#### Task to carry out
Starting at the line with "not a non-positive" and going on through the line with "forall eps, 0", reproduce each line in the records below exactly and nothing more.

Source data:
▬▬▬▬▬▬▬▬▬▬

(* Let $0<\alpha<1$, $T>0$, $y\in C^2[0,T]$, and $x\in(0,T]$. For an integer $N\ge 2$ put $h=T/N$ and suppose $n=x/h$ is an integer; write $y_j=y(jh)$. Define $\bar\sigma_0^{(\alpha)}=1/\Gamma(2-\alpha)$, $$\bar\sigma_k^{(\alpha)}=\begin{cases}\dfrac{(k-1)^{1-\alpha}-2k^{1-\alpha}+(k+1)^{1-\alpha}}{\Gamma(2-\alpha)}, & 1\le k\le\lceil N/5\rceil,\\[6pt] \dfrac{1}{\Gamma(-\alpha)k^{1+\alpha}}+\dfrac{\alpha}{12\,\Gamma(-2-\alpha)k^{3+\alpha}}, & \lceil N/5\rceil<k\le n-1,\end{cases}$$ $$\bar\sigma_n^{(\alpha)}=\begin{cases}\dfrac{(n-1)^{1-\alpha}-n^{1-\alpha}}{\Gamma(2-\alpha)}, & n\le\lceil N/5\rceil,\\[6pt] -\dfrac{n^{-\alpha}}{\Gamma(1-\alpha)}+\dfrac{n^{-\alpha-1}}{2\Gamma(-\alpha)}-\dfrac{n^{-\alpha-2}}{6\Gamma(-1-\alpha)}, & n>\lceil N/5\rceil.\end{cases}$$ Then, as $h\to0$ (over those $N$ for which $x/h$ is an integer), $$\frac{1}{h^\alpha}\sum_{k=0}^n\bar\sigma_k^{(\alpha)}y_{n-k}=y^{(\alpha)}(x)+O(h^{2-\alpha}).$$
   Context: For $0<\alpha<1$ the Caputo derivative is $y^{(\alpha)}(x)=\frac{1}{\Gamma(1-\alpha)}\int_0^x \frac{y'(t)}{(x-t)^\alpha}\,dt$. $\Gamma$ is the Euler gamma function (analytically continued to negative non-integers); $\lceil\cdot\rceil$ is the ceiling function. *)

From Stdlib Require Import Reals Lra Lia ClassicalEpsilon Factorial.
Open Scope R_scope.

(* Real power with the convention 0^a = 0 (used only for a > 0 at base 0);
   for x > 0 it is the usual x^a = exp(a ln x). *)
Definition rpow (x a : R) : R :=
  if Rle_dec x 0 then 0 else Rpower x a.

Definition gauss_seq (z : R) (n : nat) : R :=
  INR (fact n) * Rpower (INR n) z / prod_f_R0 (fun k => z + INR k) n.

(* Euler Gamma function, valid (and analytically continued) at every z that is
   not a non-positive integer, via Gauss' limit formula
   Gamma(z) = lim_{n->oo} n! n^z / (z(z+1)...(z+n)). *)
Definition Gamma (z : R) : R :=
  epsilon (inhabits 0) (fun g => Un_cv (gauss_seq z) g).

Definition improper_int_right (f : R -> R) (a b I : R) : Prop :=
  forall eps, 0 < eps -> exists delta, 0 < delta /\
    forall c, a <= c -> b - delta < c < b ->
      exists pr : Riemann_integrable f a c, Rabs (RiemannInt pr - I) < eps.

(* Caputo derivative of order alpha at x, given y' = y1:
   (1/Gamma(1-alpha)) int_0^x y1(t)/(x-t)^alpha dt. *)
Definition is_caputo (y1 : R -> R) (alpha x v : R) : Prop :=
  exists I, improper_int_right (fun t => y1 t / rpow (x - t) alpha) 0 x I
            /\ v = I / Gamma (1 - alpha).

Definition ceil5 (N : nat) : nat := Nat.div (N + 4) 5.

Definition sigma_bar (alpha : R) (N n k : nat) : R :=
  if Nat.eqb k 0 then 1 / Gamma (2 - alpha)
  else if Nat.ltb k n then
    (if Nat.leb k (ceil5 N) then
       (rpow (INR k - 1) (1 - alpha) - 2 * rpow (INR k) (1 - alpha)
        + rpow (INR k + 1) (1 - alpha)) / Gamma (2 - alpha)
     else
       1 / (Gamma (- alpha) * rpow (INR k) (1 + alpha))
       + alpha / (12 * Gamma (-2 - alpha) * rpow (INR k) (3 + alpha)))
  else
    (if Nat.leb n (ceil5 N) then
       (rpow (INR n - 1) (1 - alpha) - rpow (INR n) (1 - alpha)) / Gamma (2 - alpha)
     else
       - rpow (INR n) (- alpha) / Gamma (1 - alpha)
       + rpow (INR n) (- alpha - 1) / (2 * Gamma (- alpha))
       - rpow (INR n) (- alpha - 2) / (6 * Gamma (-1 - alpha))).

(* The weights split as [l1_weight (1 - al) / Gamma (2 - al)] (the classical L1 weights) plus a
   defect vanishing for [k <= ceil(N/5)].  By summation by parts and [Gamma (2 - al) =
   (1 - al) Gamma (1 - al)], the L1 part is the product-integration rule that integrates the
   kernel [(x - t)^(-al)] exactly against the piecewise linear interpolant of [y]; on each cell
   the difference quotient is within [M2 h] of [y'] and the kernel is increasing, so the cell
   errors telescope to [O(h^(2 - al))].  Beyond [ceil(N/5)] the weights are the leading terms of
   the Taylor expansion of the second difference of [k^(1 - al)] (of the last backward difference
   at [k = n]), rewritten with [Gamma (1 - al) = - al Gamma (- al)], so the defect is
   [O(k^(-al-3))] (resp. [O(n^(-al-2))]).  There [k h >= T / 5], so [h^(-al) k^(-al)] stays
   bounded and the rest telescopes to [O(ceil(N/5)^(-2)) = O(h^2)].  The two Gamma recurrences
   are read off Gauss' product formula, which converges for [0 < z < 1] by monotonicity. *)

From Stdlib Require Import Reals Lra Lia ClassicalEpsilon Factorial.
From Coquelicot Require Import Coquelicot.
Open Scope R_scope.

(** * Finite sums *)

Fixpoint sum_lt (F : nat -> R) (m : nat) : R :=
  match m with O => 0 | S m => sum_lt F m + F m end.

Lemma sum_lt_ext (F G : nat -> R) m :
  (forall j, (j < m)%nat -> F j = G j) -> sum_lt F m = sum_lt G m.
Proof.
  induction m as [|m IH]; intro E; simpl; [reflexivity|].
  rewrite IH by (intros; apply E; lia). rewrite E by lia. reflexivity.
Qed.

Lemma sum_lt_shift (F : nat -> R) n : sum_lt F (S n) = F 0%nat + sum_lt (fun j => F (S j)) n.
Proof.
  induction n as [|n IH]; [simpl; ring|].
  change (sum_lt F (S (S n))) with (sum_lt F (S n) + F (S n)). rewrite IH. simpl. ring.
Qed.

Lemma sum_lt_rev (F : nat -> R) n : sum_lt F n = sum_lt (fun j => F (n - 1 - j)%nat) n.
Proof.
  induction n as [|n IH]; [reflexivity|].
  change (sum_lt F (S n)) with (sum_lt F n + F n).
  rewrite (sum_lt_shift (fun j => F (S n - 1 - j)%nat)), IH.
  replace (S n - 1 - 0)%nat with n by lia.
  rewrite (sum_lt_ext (fun j => F (S n - 1 - S j)%nat) (fun j => F (n - 1 - j)%nat))
    by (intros; f_equal; lia).
  ring.
Qed.

Lemma sum_lt_scal (F : nat -> R) c n : sum_lt (fun j => c * F j) n = c * sum_lt F n.
Proof. induction n as [|n IH]; simpl; [ring|rewrite IH; ring]. Qed.

(** * Real powers *)

Lemma Rpower_pos x p : 0 < Rpower x p.
Proof. apply exp_pos. Qed.

Lemma Rpower_1_base p : Rpower 1 p = 1.
Proof. unfold Rpower. rewrite ln_1, Rmult_0_r. apply exp_0. Qed.

Lemma Rpower_1_plus h p : 0 < h -> h * Rpower h p = Rpower h (1 + p).
Proof. intro Hh. rewrite Rpower_plus, Rpower_1 by exact Hh. reflexivity. Qed.

Lemma Rpower_antitone_l p v w : p <= 0 -> 0 < v <= w -> Rpower w p <= Rpower v p.
Proof.
  intros Hp Hvw. rewrite <- (Ropp_involutive p), !(Rpower_Ropp _ (- p)).
  apply Rinv_le_contravar; [apply Rpower_pos|]. apply Rle_Rpower_l; lra.
Qed.

Lemma Rpower_le_at_half p (m : nat) u t : p <= 0 -> - p <= INR m -> 0 < u -> u / 2 <= t ->
  Rpower t p <= 2 ^ m * Rpower u p.
Proof.
  intros Hp Hm Hu Ht.
  apply Rle_trans with (Rpower (u / 2) p).
  { apply Rpower_antitone_l; lra. }
  unfold Rdiv. rewrite <- Rpower_mult_distr, Rmult_comm by lra.
  apply Rmult_le_compat_r; [left; apply Rpower_pos|].
  replace (Rpower (/ 2) p) with (Rpower 2 (- p))
    by (unfold Rpower; rewrite ln_Rinv by lra; f_equal; ring).
  rewrite <- Rpower_pow by lra. apply Rle_Rpower; lra.
Qed.

Lemma Rpower_small q e : 0 < q -> 0 < e -> exists d, 0 < d /\ forall u, 0 < u < d -> Rpower u q < e.
Proof.
  intros Hq He. exists (Rpower e (/ q)). split; [apply Rpower_pos|].
  intros u Hu. replace e with (Rpower (Rpower e (/ q)) q).
  - apply Rlt_Rpower_l; lra.
  - rewrite Rpower_mult, Rinv_l, Rpower_1; lra.
Qed.

Lemma Rpower_neg_INR k (m : nat) : 0 < k -> Rpower k (- INR m) = / k ^ m.
Proof. intro Hk. rewrite Rpower_Ropp, Rpower_pow by lra. reflexivity. Qed.

Lemma Rpower_scaled_le al p h c k : 0 < al -> 0 < h -> 0 < c <= k * h -> 0 < k ->
  / Rpower h al * Rpower k (- al - p) <= Rpower c (- al) * Rpower k (- p).
Proof.
  intros Hal Hh Hc Hk.
  rewrite <- Rpower_Ropp. replace (- al - p) with (- al + - p) by ring.
  rewrite Rpower_plus, <- Rmult_assoc, Rpower_mult_distr by lra.
  apply Rmult_le_compat_r; [left; apply Rpower_pos|]. apply Rpower_antitone_l; nra.
Qed.

Lemma sq_le_Rpower al h T : 0 <= al -> 0 < h <= T -> h * h <= Rpower T al * Rpower h (2 - al).
Proof.
  intros Hal Hh.
  replace (h * h) with (Rpower h al * Rpower h (2 - al)).
  - apply Rmult_le_compat_r; [left; apply Rpower_pos|]. apply Rle_Rpower_l; lra.
  - rewrite <- Rpower_plus. replace (al + (2 - al)) with (INR 2) by (simpl; ring).
    rewrite Rpower_pow by lra. simpl. ring.
Qed.

Lemma is_derive_Rpower v p : 0 < v -> is_derive (fun x => Rpower x p) v (p * Rpower v (p - 1)).
Proof. intro Hv. apply is_derive_Reals, derivable_pt_lim_power, Hv. Qed.

Lemma Derive_Rpower v p : 0 < v -> Derive (fun x => Rpower x p) v = p * Rpower v (p - 1).
Proof. intro Hv. apply is_derive_unique, is_derive_Rpower, Hv. Qed.

Lemma Rpower_le_tangent z u : 0 < z < 1 -> 0 < u -> Rpower u z <= 1 + z * (u - 1).
Proof.
  intros Hz Hu.
  assert (Hd : forall c, 0 < c -> derivable_pt_lim (fun t => Rpower t z) c (z * Rpower c (z - 1)))
    by (intros; apply derivable_pt_lim_power; lra).
  destruct (Rtotal_order u 1) as [Hlt|[->|Hgt]].
  - destruct (MVT_cor2 _ _ u 1 Hlt (fun c Hc => Hd c ltac:(lra))) as [c [Ec Hc]].
    rewrite Rpower_1_base in Ec.
    assert (1 < Rpower c (z - 1)).
    { replace (z - 1) with (- (1 - z)) by ring. rewrite Rpower_Ropp.
      pose proof (Rlt_Rpower_l c 1 (1 - z) ltac:(lra) ltac:(lra)) as Hc1.
      rewrite Rpower_1_base in Hc1. pose proof (Rpower_pos c (1 - z)).
      rewrite <- Rinv_1 at 1. apply Rinv_lt_contravar; lra. }
    assert (0 <= z * (Rpower c (z - 1) - 1) * (1 - u)) by (apply Rmult_le_pos; [apply Rmult_le_pos|]; lra).
    nra.
  - rewrite Rpower_1_base. lra.
  - destruct (MVT_cor2 _ _ 1 u Hgt (fun c Hc => Hd c ltac:(lra))) as [c [Ec Hc]].
    rewrite Rpower_1_base in Ec.
    assert (Rpower c (z - 1) < 1).
    { apply Rlt_le_trans with (Rpower c 0); [apply Rpower_lt; lra|rewrite Rpower_O; lra]. }
    assert (0 <= z * (1 - Rpower c (z - 1)) * (u - 1)) by (apply Rmult_le_pos; [apply Rmult_le_pos|]; lra).
    nra.
Qed.

Lemma rpow_pos_eq u p : 0 < u -> rpow u p = Rpower u p.
Proof. intro Hu. unfold rpow. destruct (Rle_dec u 0); [lra|reflexivity]. Qed.

Lemma rpow_nonpos u p : u <= 0 -> rpow u p = 0.
Proof. intro Hu. unfold rpow. destruct (Rle_dec u 0); [reflexivity|lra]. Qed.

Lemma rpow0 a : rpow 0 a = 0.
Proof. apply rpow_nonpos. lra. Qed.

Lemma rpow1 a : rpow 1 a = 1.
Proof. rewrite rpow_pos_eq by lra. apply Rpower_1_base. Qed.

Lemma rpow_mult_pos u h a : 0 <= u -> 0 < h -> rpow (u * h) a = rpow u a * Rpower h a.
Proof.
  intros Hu Hh. destruct (Req_dec u 0) as [->|Hne].
  - rewrite Rmult_0_l, rpow0. ring.
  - rewrite !rpow_pos_eq by nra. symmetry. apply Rpower_mult_distr; lra.
Qed.

(** * The Gamma recurrence *)

Lemma Gamma_of_lim z L : Un_cv (gauss_seq z) L -> Gamma z = L.
Proof.
  intro HL. unfold Gamma.
  apply (UL_sequence (gauss_seq z)); [|exact HL].
  exact (epsilon_spec (inhabits 0) (fun g => Un_cv (gauss_seq z) g) (ex_intro _ L HL)).
Qed.

Lemma prod_f_R0_pos (f : nat -> R) n : (forall k, 0 < f k) -> 0 < prod_f_R0 f n.
Proof. intro Hf. induction n; simpl; auto using Rmult_lt_0_compat. Qed.

Lemma prod_f_R0_neq0 (f : nat -> R) n : (forall k, f k <> 0) -> prod_f_R0 f n <> 0.
Proof. intro Hf. induction n; simpl; auto using Rmult_integral_contrapositive_currified. Qed.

▬▬▬▬▬▬▬▬▬▬

#### Result for this exercise
   not a non-positive integer, via Gauss' limit formula
   Gamma(z) = lim_{n->oo} n! n^z / (z(z+1)...(z+n)). *)
Definition Gamma (z : R) : R :=
  epsilon (inhabits 0) (fun g => Un_cv (gauss_seq z) g).

Definition improper_int_right (f : R -> R) (a b I : R) : Prop :=
  forall eps, 0 < eps -> exists delta, 0 < delta /\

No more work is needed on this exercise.